───── Entries supplied
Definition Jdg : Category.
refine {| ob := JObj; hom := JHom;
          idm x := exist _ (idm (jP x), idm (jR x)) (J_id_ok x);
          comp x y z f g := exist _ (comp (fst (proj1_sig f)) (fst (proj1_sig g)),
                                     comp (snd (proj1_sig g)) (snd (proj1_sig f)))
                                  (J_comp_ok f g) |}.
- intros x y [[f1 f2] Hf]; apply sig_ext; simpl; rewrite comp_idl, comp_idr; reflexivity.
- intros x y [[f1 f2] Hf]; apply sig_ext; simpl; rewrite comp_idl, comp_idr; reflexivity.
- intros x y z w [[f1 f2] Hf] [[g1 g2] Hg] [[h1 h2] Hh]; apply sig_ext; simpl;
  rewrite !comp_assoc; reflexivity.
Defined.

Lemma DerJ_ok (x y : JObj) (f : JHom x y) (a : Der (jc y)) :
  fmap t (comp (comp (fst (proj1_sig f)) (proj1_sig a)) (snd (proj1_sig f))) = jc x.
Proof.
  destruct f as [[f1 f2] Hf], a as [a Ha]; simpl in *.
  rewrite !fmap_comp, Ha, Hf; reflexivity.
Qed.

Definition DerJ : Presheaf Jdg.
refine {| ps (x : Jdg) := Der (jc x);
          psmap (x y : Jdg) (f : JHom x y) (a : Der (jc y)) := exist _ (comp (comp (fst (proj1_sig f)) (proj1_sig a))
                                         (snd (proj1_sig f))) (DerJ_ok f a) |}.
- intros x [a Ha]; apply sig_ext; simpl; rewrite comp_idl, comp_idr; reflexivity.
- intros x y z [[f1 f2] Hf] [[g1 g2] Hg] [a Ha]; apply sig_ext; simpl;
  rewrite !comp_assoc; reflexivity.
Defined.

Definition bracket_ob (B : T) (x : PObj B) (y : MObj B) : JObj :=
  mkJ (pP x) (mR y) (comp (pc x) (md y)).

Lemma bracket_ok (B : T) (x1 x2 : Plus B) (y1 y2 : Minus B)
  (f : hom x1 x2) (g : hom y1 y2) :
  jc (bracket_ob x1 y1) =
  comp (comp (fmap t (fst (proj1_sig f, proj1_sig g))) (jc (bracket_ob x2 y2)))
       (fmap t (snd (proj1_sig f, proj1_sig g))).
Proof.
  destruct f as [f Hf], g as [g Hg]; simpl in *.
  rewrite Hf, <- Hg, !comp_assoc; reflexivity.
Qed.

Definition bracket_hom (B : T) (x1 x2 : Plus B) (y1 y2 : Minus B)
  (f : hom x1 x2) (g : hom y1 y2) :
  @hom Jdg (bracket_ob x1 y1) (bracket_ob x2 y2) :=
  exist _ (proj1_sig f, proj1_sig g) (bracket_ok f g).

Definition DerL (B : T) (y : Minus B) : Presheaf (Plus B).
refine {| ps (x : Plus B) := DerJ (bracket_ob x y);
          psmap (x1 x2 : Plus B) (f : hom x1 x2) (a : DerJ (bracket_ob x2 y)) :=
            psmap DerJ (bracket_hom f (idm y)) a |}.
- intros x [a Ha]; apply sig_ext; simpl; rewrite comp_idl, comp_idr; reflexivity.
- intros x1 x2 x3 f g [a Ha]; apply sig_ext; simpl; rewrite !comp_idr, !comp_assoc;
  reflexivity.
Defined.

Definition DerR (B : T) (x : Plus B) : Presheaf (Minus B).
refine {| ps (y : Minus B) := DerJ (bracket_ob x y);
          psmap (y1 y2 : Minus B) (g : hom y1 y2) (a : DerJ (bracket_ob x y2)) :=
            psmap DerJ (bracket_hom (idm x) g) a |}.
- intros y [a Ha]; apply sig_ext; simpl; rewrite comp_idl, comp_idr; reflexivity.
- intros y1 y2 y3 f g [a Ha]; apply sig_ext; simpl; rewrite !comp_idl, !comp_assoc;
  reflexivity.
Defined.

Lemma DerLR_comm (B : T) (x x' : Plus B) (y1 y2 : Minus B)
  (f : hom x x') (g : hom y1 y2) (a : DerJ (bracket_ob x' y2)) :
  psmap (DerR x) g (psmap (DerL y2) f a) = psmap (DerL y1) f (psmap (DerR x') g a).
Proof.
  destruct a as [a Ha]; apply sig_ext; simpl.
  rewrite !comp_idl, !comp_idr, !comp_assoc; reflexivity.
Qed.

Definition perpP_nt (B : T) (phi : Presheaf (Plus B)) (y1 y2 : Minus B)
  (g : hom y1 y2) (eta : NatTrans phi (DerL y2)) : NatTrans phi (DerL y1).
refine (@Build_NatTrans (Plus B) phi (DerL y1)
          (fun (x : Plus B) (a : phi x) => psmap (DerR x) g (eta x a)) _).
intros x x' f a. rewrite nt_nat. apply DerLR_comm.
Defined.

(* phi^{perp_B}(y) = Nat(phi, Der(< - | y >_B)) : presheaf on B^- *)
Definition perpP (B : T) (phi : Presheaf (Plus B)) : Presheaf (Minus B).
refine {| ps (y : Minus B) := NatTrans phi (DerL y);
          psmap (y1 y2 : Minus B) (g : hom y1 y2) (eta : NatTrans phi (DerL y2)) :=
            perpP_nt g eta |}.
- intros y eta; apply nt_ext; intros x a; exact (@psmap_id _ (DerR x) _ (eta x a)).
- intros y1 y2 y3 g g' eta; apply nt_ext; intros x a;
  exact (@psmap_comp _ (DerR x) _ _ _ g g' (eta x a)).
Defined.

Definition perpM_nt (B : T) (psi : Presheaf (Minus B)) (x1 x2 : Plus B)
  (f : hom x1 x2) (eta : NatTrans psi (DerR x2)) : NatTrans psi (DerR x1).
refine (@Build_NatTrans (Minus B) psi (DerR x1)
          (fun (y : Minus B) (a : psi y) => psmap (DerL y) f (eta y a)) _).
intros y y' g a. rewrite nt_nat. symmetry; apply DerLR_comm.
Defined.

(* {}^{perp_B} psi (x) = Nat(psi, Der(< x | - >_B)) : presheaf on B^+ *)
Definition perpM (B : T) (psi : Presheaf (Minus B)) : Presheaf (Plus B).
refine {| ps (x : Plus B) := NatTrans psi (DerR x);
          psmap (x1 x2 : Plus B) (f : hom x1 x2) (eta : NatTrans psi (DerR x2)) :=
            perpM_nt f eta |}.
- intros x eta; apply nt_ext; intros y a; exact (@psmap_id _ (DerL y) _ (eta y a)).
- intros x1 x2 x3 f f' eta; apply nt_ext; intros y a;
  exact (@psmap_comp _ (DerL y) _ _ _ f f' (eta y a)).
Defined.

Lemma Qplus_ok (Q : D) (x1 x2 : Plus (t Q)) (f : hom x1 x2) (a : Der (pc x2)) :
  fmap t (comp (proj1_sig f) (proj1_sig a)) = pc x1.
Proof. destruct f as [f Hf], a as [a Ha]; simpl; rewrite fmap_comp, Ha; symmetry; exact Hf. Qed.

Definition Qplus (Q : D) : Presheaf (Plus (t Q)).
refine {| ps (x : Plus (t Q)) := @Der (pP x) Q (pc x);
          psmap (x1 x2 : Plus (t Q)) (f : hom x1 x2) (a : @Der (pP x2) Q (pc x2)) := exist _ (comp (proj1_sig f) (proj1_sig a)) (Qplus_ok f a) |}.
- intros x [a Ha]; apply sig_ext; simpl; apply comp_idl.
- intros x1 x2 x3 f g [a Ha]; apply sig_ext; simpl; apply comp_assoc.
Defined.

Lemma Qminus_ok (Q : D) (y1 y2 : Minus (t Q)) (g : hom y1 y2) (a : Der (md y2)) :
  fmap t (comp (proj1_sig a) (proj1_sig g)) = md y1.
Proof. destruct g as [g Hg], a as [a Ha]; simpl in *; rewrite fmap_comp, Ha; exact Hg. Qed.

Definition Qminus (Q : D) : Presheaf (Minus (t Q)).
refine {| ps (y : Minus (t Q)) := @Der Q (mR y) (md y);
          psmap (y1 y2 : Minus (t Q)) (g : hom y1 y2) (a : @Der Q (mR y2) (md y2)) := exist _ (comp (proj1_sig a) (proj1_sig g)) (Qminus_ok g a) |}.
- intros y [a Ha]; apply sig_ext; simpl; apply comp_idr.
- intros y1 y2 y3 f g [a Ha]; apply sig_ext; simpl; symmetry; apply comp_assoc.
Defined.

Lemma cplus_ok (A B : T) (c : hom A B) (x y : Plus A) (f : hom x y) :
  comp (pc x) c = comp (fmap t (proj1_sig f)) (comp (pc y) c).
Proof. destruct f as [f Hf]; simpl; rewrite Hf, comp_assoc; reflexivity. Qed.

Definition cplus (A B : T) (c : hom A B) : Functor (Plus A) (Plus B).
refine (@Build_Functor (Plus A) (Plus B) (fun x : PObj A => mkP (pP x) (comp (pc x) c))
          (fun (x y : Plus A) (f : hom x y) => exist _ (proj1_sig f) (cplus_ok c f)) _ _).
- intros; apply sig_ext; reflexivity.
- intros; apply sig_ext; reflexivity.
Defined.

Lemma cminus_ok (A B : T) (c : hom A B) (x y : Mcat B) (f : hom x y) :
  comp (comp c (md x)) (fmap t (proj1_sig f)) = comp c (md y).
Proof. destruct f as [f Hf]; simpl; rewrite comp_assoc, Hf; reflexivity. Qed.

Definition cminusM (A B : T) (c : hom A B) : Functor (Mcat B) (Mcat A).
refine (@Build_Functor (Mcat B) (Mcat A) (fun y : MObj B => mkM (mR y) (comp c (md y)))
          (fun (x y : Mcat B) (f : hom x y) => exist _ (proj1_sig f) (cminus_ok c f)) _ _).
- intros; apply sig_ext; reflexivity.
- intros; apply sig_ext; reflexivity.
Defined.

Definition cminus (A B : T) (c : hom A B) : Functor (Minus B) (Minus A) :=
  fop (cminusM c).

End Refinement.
──────────
───── Entries supplied
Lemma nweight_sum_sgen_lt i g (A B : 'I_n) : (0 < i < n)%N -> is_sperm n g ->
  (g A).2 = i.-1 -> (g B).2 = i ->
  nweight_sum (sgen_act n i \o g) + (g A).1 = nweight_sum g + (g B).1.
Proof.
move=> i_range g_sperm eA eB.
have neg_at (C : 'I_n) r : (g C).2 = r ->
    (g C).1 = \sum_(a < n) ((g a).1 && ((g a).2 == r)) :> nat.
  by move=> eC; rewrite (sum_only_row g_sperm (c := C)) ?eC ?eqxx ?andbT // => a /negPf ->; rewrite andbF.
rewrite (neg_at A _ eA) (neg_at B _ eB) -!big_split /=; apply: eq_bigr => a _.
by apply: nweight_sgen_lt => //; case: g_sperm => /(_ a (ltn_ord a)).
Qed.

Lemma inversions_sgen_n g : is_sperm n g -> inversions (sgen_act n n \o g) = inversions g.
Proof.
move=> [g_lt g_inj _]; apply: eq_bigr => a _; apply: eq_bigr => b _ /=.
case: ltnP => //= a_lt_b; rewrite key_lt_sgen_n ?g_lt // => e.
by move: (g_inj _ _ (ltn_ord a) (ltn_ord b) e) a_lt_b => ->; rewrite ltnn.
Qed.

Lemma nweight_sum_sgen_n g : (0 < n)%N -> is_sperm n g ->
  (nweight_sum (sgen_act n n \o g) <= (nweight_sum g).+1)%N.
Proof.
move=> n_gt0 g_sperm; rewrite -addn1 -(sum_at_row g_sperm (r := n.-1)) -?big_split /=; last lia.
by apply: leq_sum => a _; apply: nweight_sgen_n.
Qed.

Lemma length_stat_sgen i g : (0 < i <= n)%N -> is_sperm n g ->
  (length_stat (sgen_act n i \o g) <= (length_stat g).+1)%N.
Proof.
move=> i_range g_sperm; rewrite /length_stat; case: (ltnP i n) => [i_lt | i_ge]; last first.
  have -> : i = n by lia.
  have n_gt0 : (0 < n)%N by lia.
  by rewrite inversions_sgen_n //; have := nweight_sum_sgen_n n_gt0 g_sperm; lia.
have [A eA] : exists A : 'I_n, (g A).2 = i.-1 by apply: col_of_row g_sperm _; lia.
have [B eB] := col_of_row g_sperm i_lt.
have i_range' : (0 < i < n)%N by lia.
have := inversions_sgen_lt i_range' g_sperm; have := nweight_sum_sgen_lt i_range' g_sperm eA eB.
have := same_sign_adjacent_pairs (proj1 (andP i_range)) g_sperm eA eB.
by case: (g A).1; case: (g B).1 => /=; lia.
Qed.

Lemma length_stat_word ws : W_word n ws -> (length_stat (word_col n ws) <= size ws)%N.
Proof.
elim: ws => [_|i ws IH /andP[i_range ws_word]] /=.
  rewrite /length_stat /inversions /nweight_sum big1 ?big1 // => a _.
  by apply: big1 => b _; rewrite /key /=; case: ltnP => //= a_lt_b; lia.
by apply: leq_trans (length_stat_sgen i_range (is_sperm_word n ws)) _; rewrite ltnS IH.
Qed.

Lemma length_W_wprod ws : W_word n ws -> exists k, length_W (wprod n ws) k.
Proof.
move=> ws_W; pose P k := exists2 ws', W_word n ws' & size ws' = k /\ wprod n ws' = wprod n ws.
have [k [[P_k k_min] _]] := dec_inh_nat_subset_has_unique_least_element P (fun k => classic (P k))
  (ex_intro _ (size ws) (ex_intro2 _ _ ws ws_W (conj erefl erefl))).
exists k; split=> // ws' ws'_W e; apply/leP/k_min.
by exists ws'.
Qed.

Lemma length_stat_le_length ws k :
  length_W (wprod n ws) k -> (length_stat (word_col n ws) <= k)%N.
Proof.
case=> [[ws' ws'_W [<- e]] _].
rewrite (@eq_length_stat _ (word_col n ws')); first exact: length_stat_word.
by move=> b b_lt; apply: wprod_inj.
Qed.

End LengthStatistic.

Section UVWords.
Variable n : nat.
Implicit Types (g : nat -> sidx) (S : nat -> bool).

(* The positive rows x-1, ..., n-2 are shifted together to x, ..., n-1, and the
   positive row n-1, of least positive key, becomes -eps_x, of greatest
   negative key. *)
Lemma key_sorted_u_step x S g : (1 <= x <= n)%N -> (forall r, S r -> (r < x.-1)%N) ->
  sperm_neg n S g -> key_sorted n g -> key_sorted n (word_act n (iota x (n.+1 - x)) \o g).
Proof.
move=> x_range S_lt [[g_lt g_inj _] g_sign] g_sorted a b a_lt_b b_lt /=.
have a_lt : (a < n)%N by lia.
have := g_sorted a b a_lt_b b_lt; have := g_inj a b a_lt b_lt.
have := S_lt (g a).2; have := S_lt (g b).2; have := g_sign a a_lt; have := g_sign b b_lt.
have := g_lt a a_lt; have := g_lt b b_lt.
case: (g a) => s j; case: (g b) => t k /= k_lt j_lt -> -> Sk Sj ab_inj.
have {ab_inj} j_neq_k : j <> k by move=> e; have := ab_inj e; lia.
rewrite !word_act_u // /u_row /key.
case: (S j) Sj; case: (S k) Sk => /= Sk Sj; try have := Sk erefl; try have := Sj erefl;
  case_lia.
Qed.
──────────
### Exercise goal:
Please copy the lines in the records above between the one holding "by apply: leq_sum" and the one holding "by apply: big1", inclusive, exactly and with no other line.

### Answer to the exercise:
by apply: leq_sum => a _; apply: nweight_sgen_n.
Qed.

Lemma length_stat_sgen i g : (0 < i <= n)%N -> is_sperm n g ->
  (length_stat (sgen_act n i \o g) <= (length_stat g).+1)%N.
Proof.
move=> i_range g_sperm; rewrite /length_stat; case: (ltnP i n) => [i_lt | i_ge]; last first.
  have -> : i = n by lia.
  have n_gt0 : (0 < n)%N by lia.
  by rewrite inversions_sgen_n //; have := nweight_sum_sgen_n n_gt0 g_sperm; lia.
have [A eA] : exists A : 'I_n, (g A).2 = i.-1 by apply: col_of_row g_sperm _; lia.
have [B eB] := col_of_row g_sperm i_lt.
have i_range' : (0 < i < n)%N by lia.
have := inversions_sgen_lt i_range' g_sperm; have := nweight_sum_sgen_lt i_range' g_sperm eA eB.
have := same_sign_adjacent_pairs (proj1 (andP i_range)) g_sperm eA eB.
by case: (g A).1; case: (g B).1 => /=; lia.
Qed.

Lemma length_stat_word ws : W_word n ws -> (length_stat (word_col n ws) <= size ws)%N.
Proof.
elim: ws => [_|i ws IH /andP[i_range ws_word]] /=.
  rewrite /length_stat /inversions /nweight_sum big1 ?big1 // => a _.
  by apply: big1 => b _; rewrite /key /=; case: ltnP => //= a_lt_b; lia.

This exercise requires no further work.